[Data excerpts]
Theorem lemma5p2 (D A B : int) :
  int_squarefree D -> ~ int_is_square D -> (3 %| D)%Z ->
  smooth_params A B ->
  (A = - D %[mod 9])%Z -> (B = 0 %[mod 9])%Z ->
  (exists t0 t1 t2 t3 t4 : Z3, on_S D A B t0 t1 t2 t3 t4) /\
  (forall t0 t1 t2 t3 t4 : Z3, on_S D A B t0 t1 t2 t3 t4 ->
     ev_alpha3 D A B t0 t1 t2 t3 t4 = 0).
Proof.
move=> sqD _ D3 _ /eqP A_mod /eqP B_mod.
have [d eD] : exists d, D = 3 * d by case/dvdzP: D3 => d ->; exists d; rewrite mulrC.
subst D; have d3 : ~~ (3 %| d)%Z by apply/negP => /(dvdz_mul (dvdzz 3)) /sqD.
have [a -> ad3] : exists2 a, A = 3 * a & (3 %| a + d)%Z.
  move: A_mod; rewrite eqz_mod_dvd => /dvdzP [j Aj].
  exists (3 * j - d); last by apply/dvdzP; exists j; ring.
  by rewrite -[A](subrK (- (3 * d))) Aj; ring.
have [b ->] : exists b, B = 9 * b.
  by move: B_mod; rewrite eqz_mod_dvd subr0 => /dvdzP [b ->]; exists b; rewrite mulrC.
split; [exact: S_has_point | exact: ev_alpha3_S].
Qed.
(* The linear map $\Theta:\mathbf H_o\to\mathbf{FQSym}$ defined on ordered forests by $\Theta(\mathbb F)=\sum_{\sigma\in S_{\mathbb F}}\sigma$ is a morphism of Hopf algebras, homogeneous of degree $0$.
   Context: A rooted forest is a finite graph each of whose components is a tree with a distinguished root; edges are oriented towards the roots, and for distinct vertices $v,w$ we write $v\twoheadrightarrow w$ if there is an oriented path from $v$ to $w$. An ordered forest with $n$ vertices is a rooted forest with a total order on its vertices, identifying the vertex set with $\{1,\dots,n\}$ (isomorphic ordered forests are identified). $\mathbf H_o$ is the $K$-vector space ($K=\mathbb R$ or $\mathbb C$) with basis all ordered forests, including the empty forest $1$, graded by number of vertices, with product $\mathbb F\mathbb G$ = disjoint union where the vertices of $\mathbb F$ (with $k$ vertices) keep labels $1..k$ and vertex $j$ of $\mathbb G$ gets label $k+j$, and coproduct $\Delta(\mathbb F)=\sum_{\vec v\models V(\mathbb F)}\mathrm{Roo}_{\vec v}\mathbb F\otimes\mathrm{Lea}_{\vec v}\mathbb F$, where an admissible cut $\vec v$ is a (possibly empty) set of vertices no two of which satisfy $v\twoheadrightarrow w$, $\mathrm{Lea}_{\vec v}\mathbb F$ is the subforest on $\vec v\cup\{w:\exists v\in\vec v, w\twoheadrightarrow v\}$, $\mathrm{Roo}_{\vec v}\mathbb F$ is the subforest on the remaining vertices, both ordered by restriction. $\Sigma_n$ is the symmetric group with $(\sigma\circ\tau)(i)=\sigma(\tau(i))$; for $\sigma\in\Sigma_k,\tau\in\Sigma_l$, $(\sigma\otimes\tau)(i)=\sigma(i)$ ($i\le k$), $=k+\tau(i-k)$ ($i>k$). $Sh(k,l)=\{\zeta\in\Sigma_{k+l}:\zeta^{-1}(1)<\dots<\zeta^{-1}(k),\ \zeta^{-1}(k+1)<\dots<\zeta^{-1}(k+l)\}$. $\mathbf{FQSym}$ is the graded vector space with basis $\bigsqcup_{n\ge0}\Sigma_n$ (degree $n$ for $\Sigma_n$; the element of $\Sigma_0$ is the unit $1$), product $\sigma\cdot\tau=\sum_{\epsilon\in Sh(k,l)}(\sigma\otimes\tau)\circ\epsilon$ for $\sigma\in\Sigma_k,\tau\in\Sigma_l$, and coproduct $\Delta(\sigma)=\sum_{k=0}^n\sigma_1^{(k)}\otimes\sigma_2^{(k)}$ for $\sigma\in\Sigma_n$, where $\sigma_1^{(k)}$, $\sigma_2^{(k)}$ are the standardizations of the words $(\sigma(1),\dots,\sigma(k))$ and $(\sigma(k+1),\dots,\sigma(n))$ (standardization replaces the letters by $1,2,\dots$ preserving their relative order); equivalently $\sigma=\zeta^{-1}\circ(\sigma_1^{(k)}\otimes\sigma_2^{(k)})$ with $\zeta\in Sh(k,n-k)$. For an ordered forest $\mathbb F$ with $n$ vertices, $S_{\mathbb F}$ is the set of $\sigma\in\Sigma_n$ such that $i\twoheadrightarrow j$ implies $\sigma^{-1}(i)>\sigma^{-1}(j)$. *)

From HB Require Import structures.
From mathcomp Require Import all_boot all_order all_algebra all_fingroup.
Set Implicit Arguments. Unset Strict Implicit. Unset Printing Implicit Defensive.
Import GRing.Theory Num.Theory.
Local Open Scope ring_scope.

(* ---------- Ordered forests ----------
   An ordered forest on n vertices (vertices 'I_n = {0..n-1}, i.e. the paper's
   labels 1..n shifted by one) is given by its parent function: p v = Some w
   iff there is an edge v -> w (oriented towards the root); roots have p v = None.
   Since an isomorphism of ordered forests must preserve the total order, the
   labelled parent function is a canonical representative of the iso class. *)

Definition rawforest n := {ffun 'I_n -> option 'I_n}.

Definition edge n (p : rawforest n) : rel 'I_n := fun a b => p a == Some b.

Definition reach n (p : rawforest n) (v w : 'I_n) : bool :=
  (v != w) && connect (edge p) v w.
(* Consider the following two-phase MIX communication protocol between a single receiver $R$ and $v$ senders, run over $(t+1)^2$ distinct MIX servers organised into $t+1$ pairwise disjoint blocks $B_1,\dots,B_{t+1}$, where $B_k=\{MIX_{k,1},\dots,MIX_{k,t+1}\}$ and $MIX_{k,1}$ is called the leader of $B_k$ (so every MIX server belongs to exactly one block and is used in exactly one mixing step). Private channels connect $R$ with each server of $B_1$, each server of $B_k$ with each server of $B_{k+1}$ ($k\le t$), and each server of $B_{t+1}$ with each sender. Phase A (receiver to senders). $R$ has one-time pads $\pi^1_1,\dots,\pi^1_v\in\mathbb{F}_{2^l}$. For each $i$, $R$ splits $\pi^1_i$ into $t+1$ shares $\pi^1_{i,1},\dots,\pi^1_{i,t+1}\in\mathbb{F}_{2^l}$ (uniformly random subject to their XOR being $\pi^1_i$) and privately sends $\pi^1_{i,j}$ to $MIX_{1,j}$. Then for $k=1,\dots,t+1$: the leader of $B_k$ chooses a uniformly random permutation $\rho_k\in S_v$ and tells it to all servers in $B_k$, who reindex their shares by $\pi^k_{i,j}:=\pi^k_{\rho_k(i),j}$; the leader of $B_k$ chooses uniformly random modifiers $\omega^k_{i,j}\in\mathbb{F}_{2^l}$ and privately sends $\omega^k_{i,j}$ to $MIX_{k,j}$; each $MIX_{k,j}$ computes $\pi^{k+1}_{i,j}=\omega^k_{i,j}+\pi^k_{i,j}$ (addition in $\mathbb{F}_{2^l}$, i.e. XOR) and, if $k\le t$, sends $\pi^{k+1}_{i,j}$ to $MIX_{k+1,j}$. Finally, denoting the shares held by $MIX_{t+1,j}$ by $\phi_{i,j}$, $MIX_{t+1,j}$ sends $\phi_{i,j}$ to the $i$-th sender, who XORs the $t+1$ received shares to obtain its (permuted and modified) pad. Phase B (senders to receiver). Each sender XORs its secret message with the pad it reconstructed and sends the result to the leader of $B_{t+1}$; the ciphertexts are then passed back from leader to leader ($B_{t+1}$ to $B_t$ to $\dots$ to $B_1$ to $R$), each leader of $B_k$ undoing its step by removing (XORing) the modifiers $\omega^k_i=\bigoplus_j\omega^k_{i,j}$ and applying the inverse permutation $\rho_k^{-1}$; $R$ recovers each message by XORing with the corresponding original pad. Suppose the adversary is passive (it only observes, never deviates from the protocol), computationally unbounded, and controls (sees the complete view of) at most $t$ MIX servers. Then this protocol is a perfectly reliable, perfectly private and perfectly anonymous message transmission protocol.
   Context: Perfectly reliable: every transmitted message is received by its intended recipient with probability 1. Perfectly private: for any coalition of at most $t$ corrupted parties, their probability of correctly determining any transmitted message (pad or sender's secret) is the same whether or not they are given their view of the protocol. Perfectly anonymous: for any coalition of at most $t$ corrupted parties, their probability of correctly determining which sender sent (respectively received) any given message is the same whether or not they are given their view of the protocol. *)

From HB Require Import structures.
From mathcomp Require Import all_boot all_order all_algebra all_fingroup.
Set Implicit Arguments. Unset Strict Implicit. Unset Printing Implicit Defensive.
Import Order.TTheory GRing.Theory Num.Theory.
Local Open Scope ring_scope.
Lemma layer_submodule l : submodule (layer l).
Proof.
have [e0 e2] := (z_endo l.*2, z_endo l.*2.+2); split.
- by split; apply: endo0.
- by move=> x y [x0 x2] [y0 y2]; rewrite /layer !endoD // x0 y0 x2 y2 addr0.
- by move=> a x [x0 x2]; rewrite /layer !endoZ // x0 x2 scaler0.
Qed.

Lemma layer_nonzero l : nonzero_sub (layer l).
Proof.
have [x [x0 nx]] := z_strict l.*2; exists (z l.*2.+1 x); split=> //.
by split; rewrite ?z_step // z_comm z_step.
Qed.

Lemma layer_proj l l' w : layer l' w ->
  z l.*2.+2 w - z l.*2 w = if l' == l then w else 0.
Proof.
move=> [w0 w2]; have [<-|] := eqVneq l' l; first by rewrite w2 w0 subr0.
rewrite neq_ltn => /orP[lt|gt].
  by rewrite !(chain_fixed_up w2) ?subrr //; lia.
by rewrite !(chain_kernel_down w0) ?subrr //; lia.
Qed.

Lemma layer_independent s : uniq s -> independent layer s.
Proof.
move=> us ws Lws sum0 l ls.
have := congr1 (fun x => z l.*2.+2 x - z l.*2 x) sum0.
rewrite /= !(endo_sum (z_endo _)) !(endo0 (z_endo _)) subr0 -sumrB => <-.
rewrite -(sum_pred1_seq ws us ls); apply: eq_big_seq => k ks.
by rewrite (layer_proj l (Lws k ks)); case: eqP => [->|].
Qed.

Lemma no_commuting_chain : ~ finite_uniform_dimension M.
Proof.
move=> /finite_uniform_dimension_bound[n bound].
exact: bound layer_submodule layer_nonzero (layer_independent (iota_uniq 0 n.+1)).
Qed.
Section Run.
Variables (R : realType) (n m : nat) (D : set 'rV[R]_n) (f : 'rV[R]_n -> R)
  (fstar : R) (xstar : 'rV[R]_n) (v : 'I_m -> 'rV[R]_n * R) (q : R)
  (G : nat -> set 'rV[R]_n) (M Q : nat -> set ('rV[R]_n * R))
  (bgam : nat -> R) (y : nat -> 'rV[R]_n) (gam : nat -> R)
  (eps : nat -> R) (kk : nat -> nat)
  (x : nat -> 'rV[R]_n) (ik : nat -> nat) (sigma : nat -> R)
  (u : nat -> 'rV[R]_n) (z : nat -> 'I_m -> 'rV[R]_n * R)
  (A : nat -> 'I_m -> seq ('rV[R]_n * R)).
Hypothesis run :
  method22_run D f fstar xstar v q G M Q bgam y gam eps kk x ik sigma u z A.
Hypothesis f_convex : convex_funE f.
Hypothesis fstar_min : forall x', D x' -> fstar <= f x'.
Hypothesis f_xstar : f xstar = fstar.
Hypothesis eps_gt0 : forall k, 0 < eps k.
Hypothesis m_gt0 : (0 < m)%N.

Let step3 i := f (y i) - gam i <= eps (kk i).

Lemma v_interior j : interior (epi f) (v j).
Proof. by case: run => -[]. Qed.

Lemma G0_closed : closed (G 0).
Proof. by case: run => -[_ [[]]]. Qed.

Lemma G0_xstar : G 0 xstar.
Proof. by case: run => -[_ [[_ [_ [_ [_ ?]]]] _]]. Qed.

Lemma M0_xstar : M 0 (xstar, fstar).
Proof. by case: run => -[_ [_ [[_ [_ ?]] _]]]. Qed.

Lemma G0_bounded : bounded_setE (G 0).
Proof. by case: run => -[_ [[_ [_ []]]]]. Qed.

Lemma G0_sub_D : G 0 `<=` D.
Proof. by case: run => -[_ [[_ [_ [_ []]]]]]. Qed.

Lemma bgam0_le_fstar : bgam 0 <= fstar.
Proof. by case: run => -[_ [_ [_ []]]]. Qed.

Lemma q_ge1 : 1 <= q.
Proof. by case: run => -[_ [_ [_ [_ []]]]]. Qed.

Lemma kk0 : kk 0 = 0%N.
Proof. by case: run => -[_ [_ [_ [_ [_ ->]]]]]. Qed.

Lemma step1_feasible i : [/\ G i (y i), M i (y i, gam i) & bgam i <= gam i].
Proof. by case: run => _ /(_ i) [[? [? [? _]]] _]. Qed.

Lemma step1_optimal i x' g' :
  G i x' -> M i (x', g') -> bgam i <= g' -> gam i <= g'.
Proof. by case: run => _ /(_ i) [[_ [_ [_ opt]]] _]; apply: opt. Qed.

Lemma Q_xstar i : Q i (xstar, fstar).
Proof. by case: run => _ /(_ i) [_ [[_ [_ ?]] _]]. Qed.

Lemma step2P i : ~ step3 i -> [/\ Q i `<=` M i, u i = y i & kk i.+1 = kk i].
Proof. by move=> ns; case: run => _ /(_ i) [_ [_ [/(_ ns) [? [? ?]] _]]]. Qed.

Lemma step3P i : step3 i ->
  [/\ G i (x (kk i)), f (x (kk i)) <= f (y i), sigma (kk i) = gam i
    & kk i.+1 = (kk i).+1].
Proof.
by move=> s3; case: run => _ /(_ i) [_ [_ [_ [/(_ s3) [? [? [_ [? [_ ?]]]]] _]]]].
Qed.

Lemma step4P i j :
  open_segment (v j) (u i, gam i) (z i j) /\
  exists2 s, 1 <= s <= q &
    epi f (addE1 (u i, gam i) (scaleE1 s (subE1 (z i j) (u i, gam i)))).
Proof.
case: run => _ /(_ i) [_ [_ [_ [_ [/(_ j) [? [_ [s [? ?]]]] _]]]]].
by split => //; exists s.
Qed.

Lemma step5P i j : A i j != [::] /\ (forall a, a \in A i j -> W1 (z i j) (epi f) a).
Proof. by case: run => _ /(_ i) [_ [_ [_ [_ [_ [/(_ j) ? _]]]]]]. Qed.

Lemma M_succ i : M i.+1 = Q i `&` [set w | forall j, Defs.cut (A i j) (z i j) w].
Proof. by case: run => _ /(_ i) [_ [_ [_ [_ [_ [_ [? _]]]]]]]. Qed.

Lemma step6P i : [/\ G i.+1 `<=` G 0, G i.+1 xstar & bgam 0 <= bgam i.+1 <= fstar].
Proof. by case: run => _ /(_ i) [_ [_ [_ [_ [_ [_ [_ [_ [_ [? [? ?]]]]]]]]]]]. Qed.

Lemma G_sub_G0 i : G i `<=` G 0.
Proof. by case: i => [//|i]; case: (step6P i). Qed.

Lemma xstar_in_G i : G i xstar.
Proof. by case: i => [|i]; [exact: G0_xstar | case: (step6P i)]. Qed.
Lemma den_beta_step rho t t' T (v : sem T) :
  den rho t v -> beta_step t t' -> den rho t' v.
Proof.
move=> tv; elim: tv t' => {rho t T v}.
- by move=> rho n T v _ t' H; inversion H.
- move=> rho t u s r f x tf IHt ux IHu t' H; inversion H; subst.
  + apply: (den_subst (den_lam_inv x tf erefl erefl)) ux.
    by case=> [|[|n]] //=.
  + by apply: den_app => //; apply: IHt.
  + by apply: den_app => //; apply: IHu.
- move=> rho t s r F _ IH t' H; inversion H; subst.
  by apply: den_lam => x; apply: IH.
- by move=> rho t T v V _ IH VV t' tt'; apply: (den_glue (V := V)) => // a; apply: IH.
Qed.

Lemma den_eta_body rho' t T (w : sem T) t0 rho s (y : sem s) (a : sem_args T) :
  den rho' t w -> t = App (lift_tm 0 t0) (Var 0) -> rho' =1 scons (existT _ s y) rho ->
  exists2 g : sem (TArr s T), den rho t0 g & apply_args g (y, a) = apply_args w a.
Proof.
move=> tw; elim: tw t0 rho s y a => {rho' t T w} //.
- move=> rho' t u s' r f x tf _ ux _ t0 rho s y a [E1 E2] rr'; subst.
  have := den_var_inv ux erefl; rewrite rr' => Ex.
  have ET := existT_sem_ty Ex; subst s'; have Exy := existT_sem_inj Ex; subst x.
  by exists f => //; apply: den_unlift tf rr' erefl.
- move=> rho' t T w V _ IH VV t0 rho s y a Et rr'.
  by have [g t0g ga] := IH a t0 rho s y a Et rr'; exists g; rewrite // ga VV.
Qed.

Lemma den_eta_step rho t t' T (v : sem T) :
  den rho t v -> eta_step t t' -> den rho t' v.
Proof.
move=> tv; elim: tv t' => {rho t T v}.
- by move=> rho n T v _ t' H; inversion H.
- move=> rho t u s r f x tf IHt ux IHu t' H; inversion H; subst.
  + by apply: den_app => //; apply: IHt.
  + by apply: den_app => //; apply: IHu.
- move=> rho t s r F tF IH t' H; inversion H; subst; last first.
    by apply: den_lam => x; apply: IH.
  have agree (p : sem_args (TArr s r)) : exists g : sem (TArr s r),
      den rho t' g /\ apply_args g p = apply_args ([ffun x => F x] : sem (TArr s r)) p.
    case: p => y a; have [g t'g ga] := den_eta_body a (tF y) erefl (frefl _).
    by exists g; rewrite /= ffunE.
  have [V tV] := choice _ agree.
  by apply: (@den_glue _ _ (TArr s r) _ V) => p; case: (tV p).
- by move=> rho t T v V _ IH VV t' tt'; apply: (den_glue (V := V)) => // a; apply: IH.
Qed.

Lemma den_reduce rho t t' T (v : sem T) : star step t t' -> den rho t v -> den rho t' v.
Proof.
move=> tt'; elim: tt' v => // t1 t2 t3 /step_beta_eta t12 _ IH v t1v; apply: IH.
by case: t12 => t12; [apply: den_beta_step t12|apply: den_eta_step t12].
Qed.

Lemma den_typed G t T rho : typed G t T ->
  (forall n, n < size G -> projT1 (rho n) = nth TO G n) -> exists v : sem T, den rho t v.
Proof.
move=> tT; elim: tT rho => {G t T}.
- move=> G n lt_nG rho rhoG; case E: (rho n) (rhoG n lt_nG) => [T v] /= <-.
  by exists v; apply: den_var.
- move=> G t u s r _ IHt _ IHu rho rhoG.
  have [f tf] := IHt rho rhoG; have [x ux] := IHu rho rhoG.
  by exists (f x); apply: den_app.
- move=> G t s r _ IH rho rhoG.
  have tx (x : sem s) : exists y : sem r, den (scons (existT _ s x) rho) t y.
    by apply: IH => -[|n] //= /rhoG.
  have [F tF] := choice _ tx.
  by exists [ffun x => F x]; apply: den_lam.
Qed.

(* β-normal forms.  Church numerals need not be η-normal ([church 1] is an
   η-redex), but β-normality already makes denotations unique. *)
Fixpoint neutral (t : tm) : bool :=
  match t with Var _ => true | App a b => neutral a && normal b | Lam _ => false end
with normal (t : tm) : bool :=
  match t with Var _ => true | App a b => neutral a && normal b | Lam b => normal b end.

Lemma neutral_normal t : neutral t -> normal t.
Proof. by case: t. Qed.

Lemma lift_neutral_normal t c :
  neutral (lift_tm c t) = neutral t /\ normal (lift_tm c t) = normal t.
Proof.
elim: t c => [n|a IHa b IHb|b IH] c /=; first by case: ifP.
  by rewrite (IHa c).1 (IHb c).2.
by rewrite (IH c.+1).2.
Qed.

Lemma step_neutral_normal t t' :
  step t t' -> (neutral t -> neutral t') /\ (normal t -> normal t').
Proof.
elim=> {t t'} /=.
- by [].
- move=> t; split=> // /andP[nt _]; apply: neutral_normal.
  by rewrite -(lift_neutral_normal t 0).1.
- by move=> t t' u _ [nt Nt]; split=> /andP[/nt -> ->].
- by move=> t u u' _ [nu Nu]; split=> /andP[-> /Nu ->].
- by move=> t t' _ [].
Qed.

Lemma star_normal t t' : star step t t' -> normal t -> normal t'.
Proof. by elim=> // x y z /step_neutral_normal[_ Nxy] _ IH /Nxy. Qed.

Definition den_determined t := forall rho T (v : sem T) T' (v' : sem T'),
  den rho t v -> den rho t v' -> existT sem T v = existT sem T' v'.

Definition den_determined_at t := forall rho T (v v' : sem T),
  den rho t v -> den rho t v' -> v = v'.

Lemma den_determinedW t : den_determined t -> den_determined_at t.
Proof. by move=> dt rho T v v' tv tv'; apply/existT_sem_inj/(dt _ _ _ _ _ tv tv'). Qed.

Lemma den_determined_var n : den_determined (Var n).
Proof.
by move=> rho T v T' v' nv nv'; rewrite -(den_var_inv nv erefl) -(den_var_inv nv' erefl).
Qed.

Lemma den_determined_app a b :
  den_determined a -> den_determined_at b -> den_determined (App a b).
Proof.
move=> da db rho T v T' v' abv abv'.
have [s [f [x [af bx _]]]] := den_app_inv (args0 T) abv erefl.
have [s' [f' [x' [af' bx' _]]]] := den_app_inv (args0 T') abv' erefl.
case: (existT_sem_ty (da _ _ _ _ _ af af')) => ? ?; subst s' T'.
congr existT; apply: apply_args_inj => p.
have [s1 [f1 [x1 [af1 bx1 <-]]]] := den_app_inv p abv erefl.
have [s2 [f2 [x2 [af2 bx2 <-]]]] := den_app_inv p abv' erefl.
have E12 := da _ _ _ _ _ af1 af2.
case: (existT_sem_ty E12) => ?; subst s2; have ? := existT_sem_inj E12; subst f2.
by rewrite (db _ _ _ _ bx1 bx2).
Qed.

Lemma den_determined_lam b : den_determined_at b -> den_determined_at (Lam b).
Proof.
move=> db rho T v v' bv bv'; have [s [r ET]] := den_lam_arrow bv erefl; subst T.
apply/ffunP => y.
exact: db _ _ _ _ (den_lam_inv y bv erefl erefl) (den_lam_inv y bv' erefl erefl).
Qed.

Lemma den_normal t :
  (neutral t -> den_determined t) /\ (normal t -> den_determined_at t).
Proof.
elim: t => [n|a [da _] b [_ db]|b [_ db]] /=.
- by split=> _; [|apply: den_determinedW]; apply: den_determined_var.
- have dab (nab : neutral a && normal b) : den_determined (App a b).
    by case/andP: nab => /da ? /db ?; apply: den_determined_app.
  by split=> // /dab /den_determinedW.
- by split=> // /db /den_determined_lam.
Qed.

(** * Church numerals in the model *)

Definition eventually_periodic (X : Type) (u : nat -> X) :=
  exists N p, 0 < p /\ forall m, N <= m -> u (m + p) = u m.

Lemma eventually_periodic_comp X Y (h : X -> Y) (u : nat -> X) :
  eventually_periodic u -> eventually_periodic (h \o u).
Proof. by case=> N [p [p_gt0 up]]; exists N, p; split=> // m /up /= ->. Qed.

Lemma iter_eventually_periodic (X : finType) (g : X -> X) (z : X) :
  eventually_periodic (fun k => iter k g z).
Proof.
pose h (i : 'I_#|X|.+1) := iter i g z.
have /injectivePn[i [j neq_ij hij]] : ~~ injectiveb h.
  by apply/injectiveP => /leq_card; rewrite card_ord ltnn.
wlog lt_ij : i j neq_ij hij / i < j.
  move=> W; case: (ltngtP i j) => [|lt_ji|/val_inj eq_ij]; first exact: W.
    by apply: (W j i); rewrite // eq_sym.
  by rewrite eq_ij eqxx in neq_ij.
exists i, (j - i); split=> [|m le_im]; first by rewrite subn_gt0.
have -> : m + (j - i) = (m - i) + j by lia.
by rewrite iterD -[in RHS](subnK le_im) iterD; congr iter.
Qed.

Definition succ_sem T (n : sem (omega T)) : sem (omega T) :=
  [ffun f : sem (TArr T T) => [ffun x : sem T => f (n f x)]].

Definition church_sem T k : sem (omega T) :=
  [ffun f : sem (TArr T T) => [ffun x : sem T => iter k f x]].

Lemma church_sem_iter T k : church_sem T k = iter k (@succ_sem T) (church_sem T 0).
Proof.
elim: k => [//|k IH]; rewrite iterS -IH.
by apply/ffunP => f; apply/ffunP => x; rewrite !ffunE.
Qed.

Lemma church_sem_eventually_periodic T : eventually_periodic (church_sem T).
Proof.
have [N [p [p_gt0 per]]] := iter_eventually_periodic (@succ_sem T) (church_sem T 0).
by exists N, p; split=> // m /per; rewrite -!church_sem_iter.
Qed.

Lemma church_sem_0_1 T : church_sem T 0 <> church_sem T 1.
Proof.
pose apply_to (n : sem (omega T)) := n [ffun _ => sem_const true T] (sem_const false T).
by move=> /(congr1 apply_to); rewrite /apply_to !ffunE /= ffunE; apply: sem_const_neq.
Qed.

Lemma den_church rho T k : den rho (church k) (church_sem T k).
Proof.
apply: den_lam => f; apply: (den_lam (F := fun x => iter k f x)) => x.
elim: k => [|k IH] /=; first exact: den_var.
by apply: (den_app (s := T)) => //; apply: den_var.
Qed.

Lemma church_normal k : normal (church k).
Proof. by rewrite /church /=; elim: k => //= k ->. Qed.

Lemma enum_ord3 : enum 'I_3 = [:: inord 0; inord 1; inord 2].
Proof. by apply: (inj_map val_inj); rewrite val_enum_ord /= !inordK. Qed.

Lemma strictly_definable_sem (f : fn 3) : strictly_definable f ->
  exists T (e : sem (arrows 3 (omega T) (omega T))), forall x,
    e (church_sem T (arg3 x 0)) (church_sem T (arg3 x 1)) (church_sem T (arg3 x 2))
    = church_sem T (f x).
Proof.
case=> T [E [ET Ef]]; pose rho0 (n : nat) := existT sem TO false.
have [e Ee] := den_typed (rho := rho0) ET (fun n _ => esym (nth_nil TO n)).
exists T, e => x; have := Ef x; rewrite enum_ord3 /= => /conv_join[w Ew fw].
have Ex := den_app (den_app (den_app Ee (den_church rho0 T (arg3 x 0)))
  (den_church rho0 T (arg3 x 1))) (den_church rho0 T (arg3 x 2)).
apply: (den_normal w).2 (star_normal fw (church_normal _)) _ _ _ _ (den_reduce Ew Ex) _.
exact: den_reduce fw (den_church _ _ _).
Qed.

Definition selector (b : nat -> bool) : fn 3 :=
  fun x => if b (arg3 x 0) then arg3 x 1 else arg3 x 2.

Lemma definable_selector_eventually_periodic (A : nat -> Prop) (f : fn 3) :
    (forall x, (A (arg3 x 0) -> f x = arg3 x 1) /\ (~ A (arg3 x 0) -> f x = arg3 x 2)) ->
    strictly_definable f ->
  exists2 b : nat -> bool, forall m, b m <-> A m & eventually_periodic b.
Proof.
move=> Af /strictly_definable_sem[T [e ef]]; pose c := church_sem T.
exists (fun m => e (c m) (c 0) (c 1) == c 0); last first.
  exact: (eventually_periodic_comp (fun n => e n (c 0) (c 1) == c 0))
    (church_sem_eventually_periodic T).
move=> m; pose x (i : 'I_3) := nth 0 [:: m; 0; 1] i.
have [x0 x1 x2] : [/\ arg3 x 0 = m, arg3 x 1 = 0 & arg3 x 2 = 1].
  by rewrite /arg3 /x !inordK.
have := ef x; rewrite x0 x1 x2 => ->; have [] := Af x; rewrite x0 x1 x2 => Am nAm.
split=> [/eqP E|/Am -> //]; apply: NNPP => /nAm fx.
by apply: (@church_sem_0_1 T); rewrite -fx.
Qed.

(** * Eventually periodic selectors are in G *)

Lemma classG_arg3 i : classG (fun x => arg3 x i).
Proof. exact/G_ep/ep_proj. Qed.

Directions =>
Search the records for the word "inordK" and copy every line where it occurs.

Answer box =>
Proof. by apply: (inj_map val_inj); rewrite val_enum_ord /= !inordK. Qed.
  by rewrite /arg3 /x !inordK.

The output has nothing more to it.